----- Data supplied

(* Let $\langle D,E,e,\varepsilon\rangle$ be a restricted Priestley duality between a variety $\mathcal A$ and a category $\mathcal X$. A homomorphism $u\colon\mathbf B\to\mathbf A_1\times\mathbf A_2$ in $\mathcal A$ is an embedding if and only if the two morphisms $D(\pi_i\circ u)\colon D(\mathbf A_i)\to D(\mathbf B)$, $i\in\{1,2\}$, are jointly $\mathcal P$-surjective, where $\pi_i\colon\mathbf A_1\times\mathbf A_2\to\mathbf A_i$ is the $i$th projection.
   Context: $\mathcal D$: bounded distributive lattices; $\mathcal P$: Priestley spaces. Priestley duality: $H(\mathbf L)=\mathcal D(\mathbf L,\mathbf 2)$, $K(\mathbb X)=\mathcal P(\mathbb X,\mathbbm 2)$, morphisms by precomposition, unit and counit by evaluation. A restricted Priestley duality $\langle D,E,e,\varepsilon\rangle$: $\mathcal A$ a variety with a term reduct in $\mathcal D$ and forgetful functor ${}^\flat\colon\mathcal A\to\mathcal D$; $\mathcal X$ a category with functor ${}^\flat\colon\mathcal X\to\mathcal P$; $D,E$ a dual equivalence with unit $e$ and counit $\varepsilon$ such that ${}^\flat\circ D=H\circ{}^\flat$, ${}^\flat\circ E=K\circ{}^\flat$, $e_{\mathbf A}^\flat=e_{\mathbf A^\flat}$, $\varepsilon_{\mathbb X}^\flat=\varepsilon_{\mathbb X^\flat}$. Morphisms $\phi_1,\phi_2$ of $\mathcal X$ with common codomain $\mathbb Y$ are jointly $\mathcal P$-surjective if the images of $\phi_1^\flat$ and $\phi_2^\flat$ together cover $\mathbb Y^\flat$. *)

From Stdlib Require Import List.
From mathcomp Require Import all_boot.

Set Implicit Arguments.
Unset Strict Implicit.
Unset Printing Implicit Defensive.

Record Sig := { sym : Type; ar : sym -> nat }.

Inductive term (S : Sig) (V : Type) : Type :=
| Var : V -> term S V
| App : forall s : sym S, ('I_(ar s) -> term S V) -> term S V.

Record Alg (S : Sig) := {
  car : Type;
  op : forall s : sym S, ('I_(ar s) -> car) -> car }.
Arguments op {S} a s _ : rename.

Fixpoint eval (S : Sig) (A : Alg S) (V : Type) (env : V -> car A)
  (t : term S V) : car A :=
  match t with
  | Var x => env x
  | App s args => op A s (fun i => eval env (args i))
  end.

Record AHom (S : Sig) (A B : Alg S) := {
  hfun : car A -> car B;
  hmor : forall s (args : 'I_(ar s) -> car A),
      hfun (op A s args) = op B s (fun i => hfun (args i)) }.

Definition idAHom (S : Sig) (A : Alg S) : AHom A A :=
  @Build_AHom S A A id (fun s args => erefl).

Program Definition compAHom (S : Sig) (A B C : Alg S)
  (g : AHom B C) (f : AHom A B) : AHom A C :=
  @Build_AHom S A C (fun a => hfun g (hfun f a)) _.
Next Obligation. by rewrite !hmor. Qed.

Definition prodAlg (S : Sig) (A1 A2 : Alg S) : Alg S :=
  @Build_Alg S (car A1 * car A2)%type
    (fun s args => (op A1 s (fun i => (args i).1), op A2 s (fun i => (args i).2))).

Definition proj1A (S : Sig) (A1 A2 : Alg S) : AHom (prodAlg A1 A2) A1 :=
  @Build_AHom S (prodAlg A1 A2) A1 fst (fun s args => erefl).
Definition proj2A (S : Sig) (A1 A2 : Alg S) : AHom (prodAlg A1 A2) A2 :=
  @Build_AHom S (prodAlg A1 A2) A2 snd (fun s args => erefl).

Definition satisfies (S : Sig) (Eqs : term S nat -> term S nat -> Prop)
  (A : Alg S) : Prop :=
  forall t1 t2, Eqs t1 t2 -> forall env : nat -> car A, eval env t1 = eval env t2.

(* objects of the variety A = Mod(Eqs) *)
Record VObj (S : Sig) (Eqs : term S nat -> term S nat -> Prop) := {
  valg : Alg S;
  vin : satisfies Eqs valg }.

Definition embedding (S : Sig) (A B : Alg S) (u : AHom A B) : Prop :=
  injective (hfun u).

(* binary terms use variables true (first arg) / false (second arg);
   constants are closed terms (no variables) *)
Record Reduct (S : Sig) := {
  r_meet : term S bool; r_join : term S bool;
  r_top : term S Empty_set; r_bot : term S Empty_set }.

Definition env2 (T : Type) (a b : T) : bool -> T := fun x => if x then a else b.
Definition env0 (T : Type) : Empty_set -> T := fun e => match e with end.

----------
----- Data supplied

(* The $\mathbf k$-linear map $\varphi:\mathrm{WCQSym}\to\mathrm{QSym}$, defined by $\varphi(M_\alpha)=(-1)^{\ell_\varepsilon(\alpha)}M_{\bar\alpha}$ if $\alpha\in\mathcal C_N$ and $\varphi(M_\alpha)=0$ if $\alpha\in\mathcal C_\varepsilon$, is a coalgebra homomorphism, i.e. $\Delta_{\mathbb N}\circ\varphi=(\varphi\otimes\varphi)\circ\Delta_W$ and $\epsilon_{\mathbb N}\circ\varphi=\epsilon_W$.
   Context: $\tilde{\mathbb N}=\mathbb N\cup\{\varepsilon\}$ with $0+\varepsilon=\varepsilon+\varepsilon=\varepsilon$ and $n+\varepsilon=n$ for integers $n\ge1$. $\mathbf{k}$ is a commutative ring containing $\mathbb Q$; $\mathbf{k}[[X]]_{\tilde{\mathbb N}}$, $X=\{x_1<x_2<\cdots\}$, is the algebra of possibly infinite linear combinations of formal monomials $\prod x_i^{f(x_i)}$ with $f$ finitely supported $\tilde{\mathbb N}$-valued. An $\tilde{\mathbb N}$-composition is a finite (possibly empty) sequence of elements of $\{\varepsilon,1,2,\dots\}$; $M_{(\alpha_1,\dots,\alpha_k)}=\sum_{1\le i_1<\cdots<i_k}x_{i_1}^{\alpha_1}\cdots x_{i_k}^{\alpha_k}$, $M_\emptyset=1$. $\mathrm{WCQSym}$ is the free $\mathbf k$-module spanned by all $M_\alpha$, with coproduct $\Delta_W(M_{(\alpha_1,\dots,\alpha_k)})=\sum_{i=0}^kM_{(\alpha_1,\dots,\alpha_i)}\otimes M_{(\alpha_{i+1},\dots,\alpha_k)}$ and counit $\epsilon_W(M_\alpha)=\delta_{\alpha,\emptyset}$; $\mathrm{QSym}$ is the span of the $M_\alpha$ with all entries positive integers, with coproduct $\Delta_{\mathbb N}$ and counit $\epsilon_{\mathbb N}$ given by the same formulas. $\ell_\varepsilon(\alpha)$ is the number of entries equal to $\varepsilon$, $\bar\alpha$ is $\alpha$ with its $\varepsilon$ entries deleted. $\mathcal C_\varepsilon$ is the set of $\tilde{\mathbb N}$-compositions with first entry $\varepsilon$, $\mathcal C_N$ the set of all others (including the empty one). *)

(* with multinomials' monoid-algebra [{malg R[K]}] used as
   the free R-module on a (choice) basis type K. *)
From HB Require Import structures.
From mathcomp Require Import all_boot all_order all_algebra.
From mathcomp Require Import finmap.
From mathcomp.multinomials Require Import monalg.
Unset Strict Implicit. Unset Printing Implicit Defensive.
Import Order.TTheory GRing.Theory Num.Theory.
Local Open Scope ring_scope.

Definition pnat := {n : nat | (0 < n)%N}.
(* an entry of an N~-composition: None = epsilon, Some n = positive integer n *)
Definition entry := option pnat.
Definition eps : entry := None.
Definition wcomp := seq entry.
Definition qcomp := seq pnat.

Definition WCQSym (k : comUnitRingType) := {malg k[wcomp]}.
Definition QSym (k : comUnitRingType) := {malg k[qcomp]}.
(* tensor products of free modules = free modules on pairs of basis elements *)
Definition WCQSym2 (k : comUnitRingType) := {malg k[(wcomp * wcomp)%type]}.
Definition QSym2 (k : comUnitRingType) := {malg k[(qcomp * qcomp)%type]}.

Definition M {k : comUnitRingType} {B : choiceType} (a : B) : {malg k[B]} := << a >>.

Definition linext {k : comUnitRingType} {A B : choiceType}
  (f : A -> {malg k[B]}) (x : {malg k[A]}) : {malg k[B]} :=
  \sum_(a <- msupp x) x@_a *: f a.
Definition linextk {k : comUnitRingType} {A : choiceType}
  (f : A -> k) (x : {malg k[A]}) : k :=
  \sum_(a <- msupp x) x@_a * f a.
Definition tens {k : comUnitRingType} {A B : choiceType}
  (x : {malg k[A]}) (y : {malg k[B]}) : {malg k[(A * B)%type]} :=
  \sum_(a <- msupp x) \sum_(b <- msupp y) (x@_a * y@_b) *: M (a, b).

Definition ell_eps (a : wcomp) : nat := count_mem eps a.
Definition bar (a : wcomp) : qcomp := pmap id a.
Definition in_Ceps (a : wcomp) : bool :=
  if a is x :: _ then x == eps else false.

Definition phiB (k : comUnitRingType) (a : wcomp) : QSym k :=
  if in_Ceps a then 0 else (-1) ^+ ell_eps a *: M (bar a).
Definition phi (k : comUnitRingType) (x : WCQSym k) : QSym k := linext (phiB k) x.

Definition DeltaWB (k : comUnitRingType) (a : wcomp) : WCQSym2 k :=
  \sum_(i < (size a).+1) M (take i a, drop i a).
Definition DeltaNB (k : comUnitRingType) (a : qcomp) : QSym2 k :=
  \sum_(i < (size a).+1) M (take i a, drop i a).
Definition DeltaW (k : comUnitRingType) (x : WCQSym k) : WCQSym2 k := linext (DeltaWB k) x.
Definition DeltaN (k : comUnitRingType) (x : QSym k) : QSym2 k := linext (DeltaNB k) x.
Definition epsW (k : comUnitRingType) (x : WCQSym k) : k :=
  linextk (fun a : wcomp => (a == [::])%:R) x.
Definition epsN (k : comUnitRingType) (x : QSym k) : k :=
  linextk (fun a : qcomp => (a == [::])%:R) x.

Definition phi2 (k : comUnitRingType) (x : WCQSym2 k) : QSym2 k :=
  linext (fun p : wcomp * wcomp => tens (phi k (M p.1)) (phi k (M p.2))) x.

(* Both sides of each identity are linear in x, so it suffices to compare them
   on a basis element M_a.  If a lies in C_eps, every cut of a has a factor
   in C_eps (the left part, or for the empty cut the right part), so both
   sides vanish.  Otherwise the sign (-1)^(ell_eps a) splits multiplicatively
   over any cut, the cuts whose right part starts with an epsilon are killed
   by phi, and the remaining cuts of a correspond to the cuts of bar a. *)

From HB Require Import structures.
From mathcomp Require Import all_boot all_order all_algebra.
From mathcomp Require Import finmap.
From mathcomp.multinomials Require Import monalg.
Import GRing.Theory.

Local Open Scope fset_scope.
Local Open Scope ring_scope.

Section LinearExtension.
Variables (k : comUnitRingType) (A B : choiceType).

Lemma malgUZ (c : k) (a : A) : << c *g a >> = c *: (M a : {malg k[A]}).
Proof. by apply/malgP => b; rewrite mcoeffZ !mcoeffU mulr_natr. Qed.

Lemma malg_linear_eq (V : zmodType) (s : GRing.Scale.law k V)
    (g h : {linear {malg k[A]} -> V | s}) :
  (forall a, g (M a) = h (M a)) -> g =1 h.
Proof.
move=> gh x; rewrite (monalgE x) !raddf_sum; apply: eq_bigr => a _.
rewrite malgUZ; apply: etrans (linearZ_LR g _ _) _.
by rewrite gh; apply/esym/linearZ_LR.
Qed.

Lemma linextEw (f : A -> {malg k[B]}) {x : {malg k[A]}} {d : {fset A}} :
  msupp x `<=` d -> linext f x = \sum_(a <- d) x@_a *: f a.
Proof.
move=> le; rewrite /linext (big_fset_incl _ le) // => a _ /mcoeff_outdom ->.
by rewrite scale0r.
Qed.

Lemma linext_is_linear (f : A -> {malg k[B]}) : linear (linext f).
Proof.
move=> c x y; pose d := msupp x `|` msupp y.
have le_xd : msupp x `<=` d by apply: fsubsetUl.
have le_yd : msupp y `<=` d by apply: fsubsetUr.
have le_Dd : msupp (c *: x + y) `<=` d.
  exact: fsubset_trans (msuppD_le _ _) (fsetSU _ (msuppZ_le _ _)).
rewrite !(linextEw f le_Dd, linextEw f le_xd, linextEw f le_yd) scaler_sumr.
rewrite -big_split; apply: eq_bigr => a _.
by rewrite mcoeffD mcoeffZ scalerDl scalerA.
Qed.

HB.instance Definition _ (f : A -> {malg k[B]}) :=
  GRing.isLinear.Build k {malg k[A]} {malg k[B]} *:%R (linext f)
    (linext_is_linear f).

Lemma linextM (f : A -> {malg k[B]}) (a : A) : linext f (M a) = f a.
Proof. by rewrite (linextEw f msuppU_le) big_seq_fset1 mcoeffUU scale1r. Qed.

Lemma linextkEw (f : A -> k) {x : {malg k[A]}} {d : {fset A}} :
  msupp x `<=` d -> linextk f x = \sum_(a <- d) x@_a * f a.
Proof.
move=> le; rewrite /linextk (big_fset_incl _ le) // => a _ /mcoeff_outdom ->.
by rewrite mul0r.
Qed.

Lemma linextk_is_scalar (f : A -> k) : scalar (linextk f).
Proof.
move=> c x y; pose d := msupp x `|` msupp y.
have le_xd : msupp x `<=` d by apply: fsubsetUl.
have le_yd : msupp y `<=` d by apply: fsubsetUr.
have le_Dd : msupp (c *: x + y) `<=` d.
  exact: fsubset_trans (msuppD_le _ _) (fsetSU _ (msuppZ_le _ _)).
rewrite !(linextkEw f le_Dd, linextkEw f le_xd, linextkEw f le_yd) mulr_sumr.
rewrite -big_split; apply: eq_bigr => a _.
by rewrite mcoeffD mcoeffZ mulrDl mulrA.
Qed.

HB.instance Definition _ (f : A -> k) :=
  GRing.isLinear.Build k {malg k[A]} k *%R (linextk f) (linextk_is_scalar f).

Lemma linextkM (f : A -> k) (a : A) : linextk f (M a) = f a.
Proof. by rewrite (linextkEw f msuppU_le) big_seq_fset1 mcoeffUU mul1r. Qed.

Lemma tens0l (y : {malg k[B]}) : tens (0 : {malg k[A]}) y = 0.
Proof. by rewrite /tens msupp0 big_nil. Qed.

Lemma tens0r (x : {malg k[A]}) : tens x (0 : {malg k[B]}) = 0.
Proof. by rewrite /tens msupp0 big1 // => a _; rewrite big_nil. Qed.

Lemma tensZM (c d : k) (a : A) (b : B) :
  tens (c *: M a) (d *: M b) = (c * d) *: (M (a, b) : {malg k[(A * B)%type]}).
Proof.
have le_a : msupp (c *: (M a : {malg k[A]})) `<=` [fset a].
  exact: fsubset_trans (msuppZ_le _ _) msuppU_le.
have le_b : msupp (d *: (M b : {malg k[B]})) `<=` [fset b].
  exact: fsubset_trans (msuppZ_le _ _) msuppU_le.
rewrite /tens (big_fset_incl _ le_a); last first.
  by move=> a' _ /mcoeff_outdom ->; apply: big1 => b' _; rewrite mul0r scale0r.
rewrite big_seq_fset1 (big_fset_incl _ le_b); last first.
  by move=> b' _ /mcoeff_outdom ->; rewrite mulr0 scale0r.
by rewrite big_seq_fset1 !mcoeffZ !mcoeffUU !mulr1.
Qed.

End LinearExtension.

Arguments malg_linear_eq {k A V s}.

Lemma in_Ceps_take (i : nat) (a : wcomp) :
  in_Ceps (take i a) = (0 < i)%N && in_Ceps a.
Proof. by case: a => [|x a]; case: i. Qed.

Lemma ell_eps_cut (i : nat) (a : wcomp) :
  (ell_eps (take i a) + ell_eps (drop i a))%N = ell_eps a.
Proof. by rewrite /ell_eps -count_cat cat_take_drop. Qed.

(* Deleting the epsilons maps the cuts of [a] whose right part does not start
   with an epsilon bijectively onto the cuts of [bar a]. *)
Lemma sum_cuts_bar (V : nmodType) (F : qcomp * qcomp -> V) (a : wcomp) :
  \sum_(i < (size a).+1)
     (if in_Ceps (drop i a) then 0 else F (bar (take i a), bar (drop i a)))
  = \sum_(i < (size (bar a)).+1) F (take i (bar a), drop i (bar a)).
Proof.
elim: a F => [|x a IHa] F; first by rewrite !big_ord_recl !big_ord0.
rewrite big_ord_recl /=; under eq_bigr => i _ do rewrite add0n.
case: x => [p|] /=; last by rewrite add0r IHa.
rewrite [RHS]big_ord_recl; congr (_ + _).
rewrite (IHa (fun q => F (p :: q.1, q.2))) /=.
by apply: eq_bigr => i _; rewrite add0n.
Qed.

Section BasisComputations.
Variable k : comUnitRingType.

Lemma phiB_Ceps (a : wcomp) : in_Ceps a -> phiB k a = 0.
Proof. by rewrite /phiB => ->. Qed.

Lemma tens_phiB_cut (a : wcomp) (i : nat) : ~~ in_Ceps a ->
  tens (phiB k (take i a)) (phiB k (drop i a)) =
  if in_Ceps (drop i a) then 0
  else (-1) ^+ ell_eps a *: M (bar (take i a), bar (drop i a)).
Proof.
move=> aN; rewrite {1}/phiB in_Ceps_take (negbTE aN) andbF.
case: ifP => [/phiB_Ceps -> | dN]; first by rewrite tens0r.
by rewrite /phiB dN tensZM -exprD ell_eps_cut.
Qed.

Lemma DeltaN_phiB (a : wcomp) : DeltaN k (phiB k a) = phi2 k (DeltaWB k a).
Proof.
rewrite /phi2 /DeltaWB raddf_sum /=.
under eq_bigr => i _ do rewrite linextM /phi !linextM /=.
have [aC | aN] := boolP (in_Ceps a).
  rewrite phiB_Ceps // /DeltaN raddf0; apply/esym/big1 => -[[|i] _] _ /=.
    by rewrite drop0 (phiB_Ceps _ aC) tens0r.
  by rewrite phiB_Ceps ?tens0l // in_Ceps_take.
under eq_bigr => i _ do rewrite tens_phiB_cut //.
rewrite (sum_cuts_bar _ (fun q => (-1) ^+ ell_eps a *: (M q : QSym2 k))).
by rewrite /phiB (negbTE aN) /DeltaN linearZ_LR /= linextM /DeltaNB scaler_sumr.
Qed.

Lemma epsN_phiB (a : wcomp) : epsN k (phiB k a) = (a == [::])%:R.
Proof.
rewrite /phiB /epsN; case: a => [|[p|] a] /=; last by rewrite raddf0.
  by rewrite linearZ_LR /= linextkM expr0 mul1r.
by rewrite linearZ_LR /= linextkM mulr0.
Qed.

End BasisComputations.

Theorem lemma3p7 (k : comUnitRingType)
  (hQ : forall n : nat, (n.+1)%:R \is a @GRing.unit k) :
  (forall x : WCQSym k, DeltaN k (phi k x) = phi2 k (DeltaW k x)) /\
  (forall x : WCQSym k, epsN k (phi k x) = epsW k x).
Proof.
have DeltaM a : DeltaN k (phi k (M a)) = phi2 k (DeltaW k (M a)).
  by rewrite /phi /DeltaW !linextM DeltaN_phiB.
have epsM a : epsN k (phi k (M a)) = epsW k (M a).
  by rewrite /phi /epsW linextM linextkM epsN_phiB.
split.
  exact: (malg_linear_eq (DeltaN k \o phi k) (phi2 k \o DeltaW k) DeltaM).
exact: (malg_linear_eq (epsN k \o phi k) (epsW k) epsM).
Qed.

----------

Among the entries above, copy exactly only the lines starting with the one containing "move=> aN; rewrite" and going through the one containing "under eq_bigr => i _ do rewrite tens_phiB_cut", both ends included.

move=> aN; rewrite {1}/phiB in_Ceps_take (negbTE aN) andbF.
case: ifP => [/phiB_Ceps -> | dN]; first by rewrite tens0r.
by rewrite /phiB dN tensZM -exprD ell_eps_cut.
Qed.

Lemma DeltaN_phiB (a : wcomp) : DeltaN k (phiB k a) = phi2 k (DeltaWB k a).
Proof.
rewrite /phi2 /DeltaWB raddf_sum /=.
under eq_bigr => i _ do rewrite linextM /phi !linextM /=.
have [aC | aN] := boolP (in_Ceps a).
  rewrite phiB_Ceps // /DeltaN raddf0; apply/esym/big1 => -[[|i] _] _ /=.
    by rewrite drop0 (phiB_Ceps _ aC) tens0r.
  by rewrite phiB_Ceps ?tens0l // in_Ceps_take.
under eq_bigr => i _ do rewrite tens_phiB_cut //.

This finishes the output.